SOP generation applies the lever one level earlier: creating the standards themselves is automated, and delivery runs via QR codes without a device rollout. If the core problem is documentation and knowledge, this delivers in days per plant what a frontline platform needs months for. If you want to orchestrate machine data, worker guidance, and analytics in one system, a connected-worker platform is the right choice — and you should still evaluate SOP creation separately, because there too, the content has to be created first.
Govern centrally, create locally: the governance model
The scaling model that holds up in practice separates two responsibilities. The plants create — key users film and narrate their own processes, because only they hold the process knowledge. Headquarters governs — template standards, approval workflows, naming conventions, and the audit trail are uniform across the group.
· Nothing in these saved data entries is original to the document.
(* Let $\pi_0\in(0,1)$, $\sigma\in(0,0.25]$, $w>0$, and let $\psi(\pi)=w$ if $\pi\ge\pi_0$ and $\psi(\pi)=0$ otherwise. For $(p_0,p_1)\in[0,1]^2$ let $$\pi_S=\frac{(1-p_1)\pi_0}{(1-p_1)\pi_0+(1-p_0)(1-\pi_0)},\qquad \pi_C=\frac{p_1\pi_0}{p_1\pi_0+p_0(1-\pi_0)},$$ $$\Phi_\theta(C,\sigma,\pi_0,p_0,p_1)=0.5+2\sigma\theta+(0.5+2\sigma\theta)\psi\!\left(\tfrac{(1+4\sigma)\pi_C}{1+4\sigma\pi_C}\right)+(0.5-2\sigma\theta)\psi\!\left(\tfrac{(1-4\sigma)\pi_C}{1-4\sigma\pi_C}\right)$$ and $\Phi_\theta(S,\sigma,\pi_0,p_0,p_1)=0.5+\psi(\pi_S)$, for $\theta\in\{0,1\}$. Then $$\Phi_\theta(C,\sigma,\pi_0,p_0,p_1)=\begin{cases}0.5+2\sigma\theta & \text{if } p_1(1+4\sigma)<p_0,\\ 0.5+2\sigma\theta+(0.5+2\sigma\theta)w & \text{if } p_1(1-4\sigma)<p_0\le p_1(1+4\sigma),\\ 0.5+2\sigma\theta+w & \text{if } p_0\le p_1(1-4\sigma),\end{cases}$$ and $\Phi_\theta(S,\sigma,\pi_0,p_0,p_1)=0.5+w$ if $p_0\ge p_1$ and $0.5$ otherwise.
   Context: Interpretation: an expert of known type $\theta$ (competent iff $\theta=1$, prior $\pi_0$) chooses the complex rule with probability $p_\theta$; $\pi_C,\pi_S$ are the advisee's beliefs after observing the complex or simple rule; the expert earns wage $w$ iff the advisee's posterior that he is competent is at least $\pi_0$; $\Phi_\theta(r,\cdot)$ is the type-$\theta$ expert's expected payoff from choosing rule $r$ with certainty. *)

From mathcomp Require Import all_boot all_order all_algebra.
Set Implicit Arguments. Unset Strict Implicit. Unset Printing Implicit Defensive.
Import Order.TTheory GRing.Theory Num.Theory.
Local Open Scope ring_scope.

Definition psi {R : realFieldType} (pi0 w pi : R) : R :=
  if pi0 <= pi then w else 0.

Definition piS {R : realFieldType} (pi0 p0 p1 : R) : R :=
  (1 - p1) * pi0 / ((1 - p1) * pi0 + (1 - p0) * (1 - pi0)).

Definition piC {R : realFieldType} (pi0 p0 p1 : R) : R :=
  p1 * pi0 / (p1 * pi0 + p0 * (1 - pi0)).

Definition PhiC {R : realFieldType} (th sigma pi0 w p0 p1 : R) : R :=
  let pc := piC pi0 p0 p1 in
  (1/2 + 2 * sigma * th)
  + (1/2 + 2 * sigma * th) * psi pi0 w ((1 + 4 * sigma) * pc / (1 + 4 * sigma * pc))
  + (1/2 - 2 * sigma * th) * psi pi0 w ((1 - 4 * sigma) * pc / (1 - 4 * sigma * pc)).

Definition PhiS {R : realFieldType} (pi0 w p0 p1 : R) : R :=
  1/2 + psi pi0 w (piS pi0 p0 p1).

(* Every belief in the statement is a Bayesian posterior: pi_S and pi_C
   update the prior pi0 with likelihoods (1 - p1, 1 - p0) and (p1, p0), and
   the updated beliefs (1 +- 4 sigma) pi_C / (1 +- 4 sigma pi_C) update pi_C
   once more with likelihood ratio (1 +- 4 sigma) : 1, i.e. they are the
   posteriors of pi0 for the likelihoods ((1 +- 4 sigma) p1, p0).  A posterior
   is at least the prior exactly when the likelihood of the competent type is
   at least that of the incompetent one, which turns each wage psi into the
   indicator of a linear inequality in p0 and p1. *)

From mathcomp Require Import all_boot all_order all_algebra.
From mathcomp Require Import ring lra.
Import Order.TTheory GRing.Theory Num.Theory.
Local Open Scope ring_scope.

Section Bayes.

Context {R : realFieldType}.

Definition evidence (pi0 l1 l0 : R) : R := l1 * pi0 + l0 * (1 - pi0).

(* [piC pi0 p0 p1] and [piS pi0 p0 p1] are convertible to [posterior pi0 p1 p0]
   and [posterior pi0 (1 - p1) (1 - p0)]. *)
Definition posterior (pi0 l1 l0 : R) : R := l1 * pi0 / evidence pi0 l1 l0.

Lemma evidence_ge0 (pi0 l1 l0 : R) :
  0 <= pi0 <= 1 -> 0 <= l1 -> 0 <= l0 -> 0 <= evidence pi0 l1 l0.
Proof.
move=> /andP[pi0_ge0 pi0_le1] l1_ge0 l0_ge0.
by rewrite addr_ge0 ?mulr_ge0 ?subr_ge0.
Qed.

Lemma posterior_ge0 (pi0 l1 l0 : R) :
  0 <= pi0 <= 1 -> 0 <= l1 -> 0 <= l0 -> 0 <= posterior pi0 l1 l0.
Proof.
move=> pi0_01 l1_ge0 l0_ge0; rewrite divr_ge0 ?evidence_ge0 ?mulr_ge0 //.
by case/andP: pi0_01.
Qed.

Lemma evidence_posterior (pi0 l1 l0 k1 k0 : R) : evidence pi0 l1 l0 != 0 ->
  evidence (posterior pi0 l1 l0) k1 k0 * evidence pi0 l1 l0
  = evidence pi0 (k1 * l1) (k0 * l0).
Proof. by rewrite /posterior /evidence => ev_neq0; field. Qed.

Lemma posteriorA (pi0 l1 l0 k1 k0 : R) : evidence pi0 l1 l0 != 0 ->
  posterior (posterior pi0 l1 l0) k1 k0 = posterior pi0 (k1 * l1) (k0 * l0).
Proof.
move=> ev_neq0.
rewrite [RHS]/posterior -(evidence_posterior _ _ _ k1 k0 ev_neq0).
by rewrite [in LHS]/posterior invfM; ring.
Qed.

Lemma prior_le_posterior (pi0 l1 l0 : R) :
  0 < pi0 < 1 -> 0 < evidence pi0 l1 l0 ->
  (pi0 <= posterior pi0 l1 l0) = (l0 <= l1).
Proof.
move=> /andP[pi0_gt0 pi0_lt1] ev_gt0.
have gain : l1 * pi0 - pi0 * evidence pi0 l1 l0 = pi0 * (1 - pi0) * (l1 - l0).
  by rewrite /evidence; ring.
rewrite ler_pdivlMr // -subr_ge0 gain pmulr_rge0 ?subr_ge0 //.
by rewrite mulr_gt0 ?subr_gt0.
Qed.

Lemma prior_le_reposterior (pi0 l1 l0 k : R) : 0 < pi0 < 1 ->
  0 <= l1 -> 0 <= l0 -> 0 <= k ->
  evidence pi0 l1 l0 != 0 -> evidence (posterior pi0 l1 l0) k 1 != 0 ->
  (pi0 <= posterior (posterior pi0 l1 l0) k 1) = (l0 <= l1 * k).
Proof.
move=> pi0_01 l1_ge0 l0_ge0 k_ge0 ev_neq0 evk_neq0.
have pi0_01w : 0 <= pi0 <= 1 by case/andP: pi0_01 => *; rewrite !ltW.
have ev_gt0 : 0 < evidence pi0 (k * l1) (1 * l0).
  rewrite lt0r evidence_ge0 ?mulr_ge0 // andbT.
  by rewrite -(evidence_posterior _ _ _ k 1 ev_neq0) mulf_neq0.
by rewrite posteriorA // prior_le_posterior // mul1r mulrC.
Qed.

End Bayes.

Lemma PhiS_threshold (R : realFieldType) (pi0 w p0 p1 : R) :
  0 < pi0 < 1 -> 0 <= p0 <= 1 -> 0 <= p1 <= 1 ->
  evidence pi0 (1 - p1) (1 - p0) != 0 ->
  PhiS pi0 w p0 p1 = 1/2 + (if p1 <= p0 then w else 0).
Proof.
move=> pi0_01 /andP[p0_ge0 p0_le1] /andP[p1_ge0 p1_le1] evS_neq0.
have pi0_01w : 0 <= pi0 <= 1 by case/andP: pi0_01 => *; rewrite !ltW.
have evS_gt0 : 0 < evidence pi0 (1 - p1) (1 - p0).
  by rewrite lt0r evS_neq0 evidence_ge0 ?subr_ge0.
by rewrite /PhiS /psi prior_le_posterior // lerD2l lerN2.
Qed.

Lemma PhiC_threshold (R : realFieldType) (th sigma pi0 w p0 p1 : R) :
  0 < pi0 < 1 -> 0 < sigma <= 1/4 -> 0 <= p0 -> 0 <= p1 ->
  evidence pi0 p1 p0 != 0 -> 1 - 4 * sigma * piC pi0 p0 p1 != 0 ->
  PhiC th sigma pi0 w p0 p1 =
    1/2 + 2 * sigma * th
    + (1/2 + 2 * sigma * th) * (if p0 <= p1 * (1 + 4 * sigma) then w else 0)
    + (1/2 - 2 * sigma * th) * (if p0 <= p1 * (1 - 4 * sigma) then w else 0).
Proof.
move=> pi0_01 /andP[sigma_gt0 sigma_le] p0_ge0 p1_ge0 evC_neq0 low_neq0.
have pi0_01w : 0 <= pi0 <= 1 by case/andP: pi0_01 => *; rewrite !ltW.
set pC := posterior pi0 p1 p0.
have signal s : evidence pC (1 + s) 1 = 1 + s * pC by rewrite /evidence; ring.
have pC_ge0 : 0 <= pC by rewrite posterior_ge0.
have ev_up_neq0 : evidence pC (1 + 4 * sigma) 1 != 0.
  by rewrite signal; apply: lt0r_neq0; nra.
have ev_down_neq0 : evidence pC (1 - 4 * sigma) 1 != 0 by rewrite signal mulNr.
rewrite /PhiC /psi.
have -> : (1 + 4 * sigma) * pC / (1 + 4 * sigma * pC)
          = posterior pC (1 + 4 * sigma) 1 by rewrite /posterior signal.
have -> : (1 - 4 * sigma) * pC / (1 - 4 * sigma * pC)
          = posterior pC (1 - 4 * sigma) 1 by rewrite /posterior signal mulNr.
by rewrite !prior_le_reposterior //; lra.
Qed.

Theorem lemma5 (R : realFieldType) (pi0 sigma w th p0 p1 : R) :
  0 < pi0 < 1 -> 0 < sigma <= 1/4 -> 0 < w ->
  (th = 0 \/ th = 1) ->
  0 <= p0 <= 1 -> 0 <= p1 <= 1 ->
  ((* the belief pi_C and the updated beliefs below are well defined *)
   p1 * pi0 + p0 * (1 - pi0) != 0 ->
   1 - 4 * sigma * piC pi0 p0 p1 != 0 ->
     (p1 * (1 + 4 * sigma) < p0 ->
        PhiC th sigma pi0 w p0 p1 = 1/2 + 2 * sigma * th)
  /\ (p1 * (1 - 4 * sigma) < p0 <= p1 * (1 + 4 * sigma) ->
        PhiC th sigma pi0 w p0 p1
          = 1/2 + 2 * sigma * th + (1/2 + 2 * sigma * th) * w)
  /\ (p0 <= p1 * (1 - 4 * sigma) ->
        PhiC th sigma pi0 w p0 p1 = 1/2 + 2 * sigma * th + w))
  /\
  ((* the belief pi_S is well defined *)
   (1 - p1) * pi0 + (1 - p0) * (1 - pi0) != 0 ->
     PhiS pi0 w p0 p1 = if p1 <= p0 then 1/2 + w else 1/2).
Proof.
move=> pi0_01 sigma_bounds _ _ p0_01 p1_01.
split=> [evC_neq0 low_neq0|evS_neq0]; last first.
  by rewrite PhiS_threshold //; case: ifP; rewrite ?addr0.
have /andP[p0_ge0 _] := p0_01; have /andP[p1_ge0 _] := p1_01.
rewrite PhiC_threshold //.
have spread : p1 * (1 - 4 * sigma) <= p1 * (1 + 4 * sigma) by nra.
split; [|split] => [up_lt | /andP[down_lt up_le] | down_le].
- by rewrite (lt_geF up_lt) (lt_geF (le_lt_trans spread up_lt)) !mulr0 !addr0.
- by rewrite up_le (lt_geF down_lt) mulr0 addr0.
- by rewrite down_le (le_trans down_le spread); field.
Qed.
No shadow documentation emerges per site, and yet no plant waits for a central team.
The rollout becomes measurable through three KPIs: SOP coverage (documented vs. identified processes per plant), currency rate (share of SOPs younger than the defined revision interval), and time-to-standard (days from process change to approved new version). Whoever has these three numbers per plant on a dashboard sees early which site needs support — before the audit sees it.
Questions fréquentes
- How does SOP software scale to 50 or 100 plants?
- The creation model decides, not server capacity: key users per plant create the content themselves, while headquarters governs templates, approvals, and the audit trail. Technically, SSO (Entra ID), a per-plant role model, multilingualism, offline access, and SAP/DMS integration must be in place — otherwise every site becomes its own IT project.
- What separates SOP generation from connected-worker platforms like Tulip or Augmentir?
- Connected-worker platforms digitalize the entire frontline guidance including machine connectivity and analytics — the rollout is a configuration project per site. SOP generation automates creating the standards themselves and delivers them via QR code; onboarding takes days instead of months per plant. Which category fits depends on whether the core problem is documentation or process orchestration.
- Which KPIs show whether an SOP rollout is working?
- Three KPIs per plant: SOP coverage (documented vs. identified processes), currency rate (share of SOPs within the revision interval), and time-to-standard (days from process change to approved version). Together they show creation speed, maintenance discipline, and responsiveness.